Крики, слёзы, аплодисменты, эмоции, казалось будто вернулись легендарные Битлз. но вместо них на сцене стоял Николай Зарёв, простой писатель и музыкант. Всё тот же мальчик с мечтой о великом. Ярослав на всю жизнь запомнил его таким, в свете электрических лун, в момент триумфа, статного и благородного с высокоподнятым лицом. Вожак вернулся, готовясь уйти.

Через несколько дней Ярослав позвонил ему. Зарёв находился на своей дачи на склоне Финского залива, где продолжал своё восстановление. Вышел из дома и смотрел на серый пейзаж. Высокая трава, почему-то еще не пожухшая вместе с остальной природой, по пояс трепетала на ветру.

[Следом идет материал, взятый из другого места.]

(* Two reflections in the lines spanned by unit vectors a and b compose to the
   rotation by 2 acos <a,b> in the plane of a and b.  When acos <a,b> is not a
   rational multiple of pi, the multiples of this angle are dense in the circle,
   so a closed set E invariant under both reflections is invariant under every
   rotation of that plane: with each point x it contains the whole circle
   through x in the affine plane x + span(a, b).  Call this property slice
   invariance along a subspace.

   Slice invariance propagates.  Let E be slice invariant along U, with
   dim U >= 2, and invariant under the reflection in a line u not orthogonal
   to U.  In a slice x + (U + Ru) of squared radius r, a point of E is
   determined, up to slice invariance along U, by its coordinate k along the
   unit normal e of U in U + Ru.  The reflection in u moves k to any k' with
   s^2 k'^2 + c^2 (k' - k)^2 <= s^2 r, where c and s are the cosine and sine of
   twice the angle between u and U.  A supremum argument on the closed set of
   attained coordinates then shows that every k with k^2 <= r is attained, so
   E is slice invariant along U + Ru.  By irreducibility the lines can be added
   one at a time until U = R^n, and a nonempty subset of the sphere that is
   slice invariant along R^n is the whole sphere. *)

From HB Require Import structures.
From mathcomp Require Import all_boot all_order all_algebra.
From mathcomp Require Import all_classical all_reals all_analysis.
From mathcomp Require Import ring lra.
Set Implicit Arguments. Unset Strict Implicit. Unset Printing Implicit Defensive.
Import Order.TTheory GRing.Theory Num.Theory.
Import numFieldNormedType.Exports.
Local Open Scope ring_scope.
Local Open Scope classical_set_scope.

Local Notation "<< x , y >>" := (dotv x y).

Section Dotv.
Variables (R : realType) (n : nat).
Implicit Types (x y z : 'rV[R]_n).

Lemma dotvE x y : << x, y >> = \sum_i x 0 i * y 0 i.
Proof. by rewrite /dotv mxE; apply: eq_bigr => i _; rewrite mxE. Qed.

Lemma dotvC x y : << x, y >> = << y, x >>.
Proof. by rewrite !dotvE; apply: eq_bigr => i _; rewrite mulrC. Qed.

Lemma dotvDl x y z : << x + y, z >> = << x, z >> + << y, z >>.
Proof. by rewrite /dotv mulmxDl mxE. Qed.

Lemma dotvDr x y z : << z, x + y >> = << z, x >> + << z, y >>.
Proof. by rewrite dotvC dotvDl !(dotvC z). Qed.

Lemma dotvZl (t : R) x y : << t *: x, y >> = t * << x, y >>.
Proof. by rewrite /dotv -scalemxAl mxE. Qed.

Lemma dotvZr (t : R) x y : << x, t *: y >> = t * << x, y >>.
Proof. by rewrite dotvC dotvZl dotvC. Qed.

Lemma dotvNl x y : << - x, y >> = - << x, y >>.
Proof. by rewrite -scaleN1r dotvZl mulN1r. Qed.

Lemma dotvNr x y : << x, - y >> = - << x, y >>.
Proof. by rewrite dotvC dotvNl dotvC. Qed.

Lemma dotvBl x y z : << x - y, z >> = << x, z >> - << y, z >>.
Proof. by rewrite dotvDl dotvNl. Qed.

Lemma dotvBr x y z : << z, x - y >> = << z, x >> - << z, y >>.
Proof. by rewrite dotvDr dotvNr. Qed.

Lemma dotv0l x : << 0, x >> = 0.
Proof. by rewrite -(scale0r 0) dotvZl mul0r. Qed.

Lemma dotv0r x : << x, 0 >> = 0.
Proof. by rewrite dotvC dotv0l. Qed.

Definition dotv_linE := (dotvDl, dotvDr, dotvBl, dotvBr, dotvNl, dotvNr, dotvZl, dotvZr).

Lemma dotvv_ge0 x : 0 <= << x, x >>.
Proof. by rewrite dotvE; apply: sumr_ge0 => i _; rewrite -expr2 sqr_ge0. Qed.

Lemma dotvv_eq0 x : (<< x, x >> == 0) = (x == 0).
Proof.
apply/idP/eqP => [|->]; last by rewrite dotv0r.
rewrite dotvE psumr_eq0 => [/allP x0|i _]; last by rewrite -expr2 sqr_ge0.
apply/rowP => i; rewrite mxE.
by have := x0 _ (mem_index_enum i); rewrite -expr2 sqrf_eq0 => /eqP.
Qed.

Lemma dotvv_gt0 x : (0 < << x, x >>) = (x != 0).
Proof. by rewrite lt_def dotvv_eq0 dotvv_ge0 andbT. Qed.

Lemma dotv_pythagoras x y : << x, y >> = 0 ->
  << x + y, x + y >> = << x, x >> + << y, y >>.
Proof. by move=> xy; rewrite !dotv_linE (dotvC y x) xy; ring. Qed.

Lemma dotv_cauchy_schwarz x y : << x, y >> ^+ 2 <= << x, x >> * << y, y >>.
Proof.
have [->|y0] := eqVneq y 0; first by rewrite !dotv0r expr0n mulr0.
have yy := dotvv_gt0 y; rewrite y0 in yy.
have := dotvv_ge0 (<< y, y >> *: x - << x, y >> *: y).
rewrite !dotv_linE (dotvC y x); nra.
Qed.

– А вы на работу вернетесь?

– Думаю, что в ближайшее время, нет, – блекло отвечал поэт в трубку. – Слушай, Ярослав, я ведь тебе так и не отдал кое-что. Мой стол еще на месте стоит?

– Конечно.

– Там в верхнем ящике есть для тебя подарок, завернутый в бумагу с оленями. Я ведь тебя так и не поздравил со вручением премии.

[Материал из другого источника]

Lemma stationary_terms_le {g al dm n} :
  0 < g < 1 -> 0 < al < 1 -> 0 < dm <= 1 -> 1 <= n ->
  let q := al * dm * (1 - g) in
  let nu := 8 * (1 - g)^-1 * Num.sqrt al * n / dm in
  (al * g * (3 * nu + 2 * (al * g * nu / q)) / q + nu <=
   120 * powR al (1/2) * n / (powR dm (9/2) * powR (1 - g) (11/2)) : Prop).
Proof.
move=> /andP[g0 g1] /andP[al0 al1] /andP[dm0 dm1] n1 q nu.
have g0' : 0 < 1 - g by lra.
have sqrt_al : 0 < Num.sqrt al by rewrite sqrtr_gt0.
have dmg1 : dm * (1 - g) <= 1 by apply: mulr_ile1; lra.
set iq := (dm * (1 - g))^-1.
have iq1 : 1 <= iq by rewrite /iq invf_ge1 // mulr_gt0.
have nu0 : 0 <= nu by rewrite /nu !(mulr_ge0, divr_ge0, invr_ge0) //; lra.
have -> : al * g * (3 * nu + 2 * (al * g * nu / q)) / q + nu =
    nu * (1 + 3 * g * iq + 2 * g ^+ 2 * iq ^+ 2).
  by rewrite /q /iq; field; rewrite !lt0r_neq0.
have poly_iq : 1 + 3 * g * iq + 2 * g ^+ 2 * iq ^+ 2 <= 6 * iq ^+ 2.
  have g_iq : g * iq <= iq ^+ 2 by nra.
  have g2 : g ^+ 2 <= 1 by nra.
  have g2_iq : g ^+ 2 * iq ^+ 2 <= iq ^+ 2 by have := sqr_ge0 iq; nra.
  have iq2 : 1 <= iq ^+ 2 by nra.
  lra.
apply: le_trans (ler_wpM2l nu0 poly_iq) _.
have -> : nu * (6 * iq ^+ 2) = 48 * Num.sqrt al * n / (dm ^+ 3 * (1 - g) ^+ 3).
  by rewrite /nu /iq; field; rewrite !lt0r_neq0.
rewrite div1r powR12_sqrt; last exact: ltW.
have pow_pos : 0 < powR dm (9/2) * powR (1 - g) (11/2) by rewrite mulr_gt0 ?powR_gt0.
have pow_le : powR dm (9/2) * powR (1 - g) (11/2) <= dm ^+ 3 * (1 - g) ^+ 3.
  by rewrite ler_pM ?powR_ge0 ?powR_le_exprn ?dm0 ?g0' //=; lra.
have dg3 : 0 < dm ^+ 3 * (1 - g) ^+ 3 by rewrite mulr_gt0 ?exprn_gt0.
apply: (@le_trans _ _ (120 * Num.sqrt al * n / (dm ^+ 3 * (1 - g) ^+ 3))).
  by rewrite ler_pM2r ?invr_gt0 // ler_pM2r ?(lt_le_trans _ n1) // ler_pM2r //; lra.
by rewrite ler_pM2l ?mulr_gt0 ?(lt_le_trans _ n1) // lef_pV2 ?posrE.
Qed.

Lemma neg_ln_bounds {rho} : 0 < rho < 1 ->
  [/\ 1 - rho <= - ln rho, rho * - ln rho <= 1 - rho & rho * (- ln rho) ^+ 2 <= 2].
Proof.
move=> /andP[rho0 rho1]; set L := - ln rho.
have expL : expR L = rho^-1 by rewrite expRN lnK.
have L0 : 0 <= L by rewrite oppr_ge0 ltW // ln_lt0 ?rho0.
have rho_inv : rho * rho^-1 = 1 by rewrite divff ?lt0r_neq0.
split.
- by have := expR_ge1Dx (ln rho); rewrite lnK ?posrE //; rewrite /L; lra.
- have := ler_wpM2l (ltW rho0) (expR_ge1Dx L); rewrite expL rho_inv; lra.
- have := ler_wpM2l (ltW rho0) (expR_ge1Dxn 1 L0); rewrite expL rho_inv /=.
  have -> : rho * (1 + L ^+ 2 / 2) = rho + rho * L ^+ 2 / 2 by field.
  lra.
Qed.

Lemma powR_half_sqr rho k : 0 < rho -> powR rho (k%:R / 2) ^+ 2 = rho ^+ k.
Proof. by move=> rho0; rewrite -powR_mulrn ?powR_ge0 // -powRrM -powR_mulrn ?ltW // mulfVK. Qed.

(* This is [t e^(-t) <= 1] for [t = k (- ln rho) / 2]. *)
Lemma natr_powR_half_ln_le k rho : 0 < rho < 1 ->
  k%:R * powR rho (k%:R / 2) * - ln rho <= 2.
Proof.
move=> /andP[rho0 rho1]; set t := k%:R / 2 * - ln rho.
have t0 : 0 <= t by rewrite mulr_ge0 ?divr_ge0 // oppr_ge0 ltW // ln_lt0 ?rho0.
have -> : k%:R * powR rho (k%:R / 2) * - ln rho = 2 * (t * expR (- t)).
  by rewrite /powR gt_eqF //= /t !mulrN opprK; field.
have : t * expR (- t) <= expR t * expR (- t).
  by apply: ler_wpM2r; [exact: expR_ge0 | have := expR_ge1Dx t; lra].
rewrite expRxMexpNx_1; lra.
Qed.

Lemma expRN4_ge : 256^-1 <= expR (-4 : R).
Proof.
have -> : expR (-4 : R) = expR (- 2^-1) ^+ 8 by rewrite -expRM_natr; congr expR; field.
have half : 2^-1 <= expR (- 2^-1 : R) by have := expR_ge1Dx (- 2^-1 : R); lra.
apply: le_trans (_ : (2^-1) ^+ 8 <= _); first by rewrite exprVn; lra.
by rewrite lerXn2r // nnegrE ?expR_ge0 //; lra.
Qed.

Lemma rate_bounds {g al dm} : 0 < g < 1 -> 0 < al < 1 -> 0 < dm <= 1 ->
  [/\ 0 < al * dm * (1 - g), al * dm * (1 - g) <= dm & al * dm * (1 - g) < 1].
Proof.
move=> /andP[g0 g1] /andP[al0 al1] /andP[dm0 dm1].
have al_g : al * (1 - g) <= 1 by rewrite mulr_ile1 //; lra.
have dm_g : dm * (1 - g) <= 1 by rewrite mulr_ile1 //; lra.
split; first by rewrite !mulr_gt0 ?subr_gt0.
  by rewrite mulrAC ler_piMl ?(ltW dm0).
by rewrite -mulrA (le_lt_trans _ al1) // ler_piMr ?(ltW al0).
Qed.

Lemma transient_lhs_le {g al dm} k : 0 < g < 1 -> 0 < al < 1 -> 0 < dm <= 1 ->
  let rho := 1 - al * dm * (1 - g) in
  (rho ^+ k * (1 + (1 - g)^-1) + 4 * al * g * (k%:R * rho ^+ k.-1) <=
   powR rho (k%:R / 2) * (10 / ((1 - g) * dm * rho)) : Prop).
Proof.
move=> g01 al01 dm01 rho.
have [q0 q_dm q1] := rate_bounds g01 al01 dm01.
case/andP: g01 => g0 g1; case/andP: al01 => al0 al1; case/andP: dm01 => dm0 dm1.
set q := al * dm * (1 - g) in q0 q_dm q1.
have rho01 : 0 < rho < 1 by rewrite /rho -/q; apply/andP; split; lra.
have [q_L _ _] := neg_ln_bounds rho01.
have khL := natr_powR_half_ln_le k rho rho01.
case/andP: rho01 => rho0 rho1.
set h := powR rho (k%:R / 2) in khL *.
have h0 : 0 <= h by exact: powR_ge0.
have hh : h ^+ 2 = rho ^+ k by exact: powR_half_sqr.
have h1 : h <= 1.
  have : h ^+ 2 <= 1 by rewrite hh exprn_ile1 ?ltW.
  nra.
set D := (1 - g) * dm * rho.
have D0 : 0 < D by rewrite !mulr_gt0 // subr_gt0.
have D_g : D <= 1 - g.
  rewrite /D -mulrA ler_piMr ?subr_ge0 ?(ltW g1) //.
  by rewrite mulr_ile1 ?(ltW dm0) ?(ltW rho0) ?(ltW rho1).
have X1 : 1 <= D^-1 by rewrite invf_ge1 //; lra.
have B_X : (1 - g)^-1 <= D^-1 by rewrite lef_pV2 ?posrE ?subr_gt0.
have V0 : 0 <= al * (k%:R * rho ^+ k.-1).
  by rewrite !mulr_ge0 ?exprn_ge0 ?(ltW al0) ?(ltW rho0).
have V_le : al * (k%:R * rho ^+ k.-1) <= 2 * h * D^-1.
  have -> : al * (k%:R * rho ^+ k.-1) = q * (rho * (k%:R * rho ^+ k.-1)) * D^-1.
    by rewrite /q /D; field; rewrite !lt0r_neq0 ?subr_gt0.
  have -> : rho * (k%:R * rho ^+ k.-1) = k%:R * h ^+ 2.
    by rewrite hh; case: (k) => [|j]; rewrite ?mul0r ?mulr0 // exprS mulrCA.
  rewrite ler_pM2r ?invr_gt0 //.
  have kh0 : 0 <= k%:R * h ^+ 2 by rewrite mulr_ge0 ?sqr_ge0.
  have := ler_wpM2r kh0 q_L; rewrite (_ : 1 - rho = q); last by rewrite /rho /q; ring.
  have := ler_wpM2r h0 khL; lra.
have rhoB : rho ^+ k * (1 + (1 - g)^-1) <= 2 * h * D^-1.
  rewrite -hh; have : 0 <= h - h ^+ 2 by nra.
  have : 0 <= h * (D^-1 - (1 - g)^-1) by rewrite mulr_ge0 // subr_ge0.
  have : 0 <= h * (D^-1 - 1) by rewrite mulr_ge0 // subr_ge0.
  have : 0 <= (1 + (1 - g)^-1) by rewrite addr_ge0 // invr_ge0; lra.
  nra.
have : 4 * al * g * (k%:R * rho ^+ k.-1) <= 4 * (al * (k%:R * rho ^+ k.-1)).
  have : 0 <= 1 - g by lra.
  move/(mulr_ge0 V0); nra.
rewrite mulrA mulrC; lra.
Qed.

– Ох, спасибо большое. Знаете, без вас бы у меня ничего не получилось, вы для меня главный учитель.

– Не наговаривай на меня, ты талантлив и… и молодец. Помни о том, что… – он замолчал и издал тихий сдавленный стон. – Носи… с удовольствием мой подарок.

В свое время, Людвиг Витгенштейн заметил, что выражение «смысл жизни» не имеет смысл с точки зрения языка. Ибо смысл может быть только у конкретных вещей, в данном случае – у составляющих жизни. Но его не может быть в целом, ведь тогда мы выбрасываем конкретные вещи, в которых этот смысл покоиться.

Зарёв почувствовал, что тело предало его. Но это было оправданное предательство: всю свою жизнь он не обращал внимание на неудобство, стужу и палящее солнце, думая, что и как всякий романтический герой сможет выдержать всё это.

– Ладно, я пойду в дом, ветер крепчает.

– Хорошо, я еще вечером позвоню.

– Пока, Ёжик… прощай.

Он остановил звонок, опустил руку с телефоном и отпустил его, смотря вперёд. Сколько лет он гнал сам себя вперед, гнал мрак от себя, не давал себе ни минуты покоя. А теперь он понял: всё, момент настал. Тело само подсказывало ему, что сейчас будет: пришло время умирать. И с неким стоическим чувством, присущим героям былых времен, он выпрямился и поднял голову вслед за махом крыла чайки. Он чувствовал, как холод и онемение от грядущей катастрофы расползаются по нему. Но он был спокоен. Сейчас он уже был готов это принять. Он упал с пригорка вперед лицом и сразу же распластался в высокой траве. Его лицо уткнулось в мокрую землю, и поэт несколько секунд смотрел на нее, пытаясь понять, о чем это? Знакомая тень пробежала в его глазах, и спаситель испустил дух.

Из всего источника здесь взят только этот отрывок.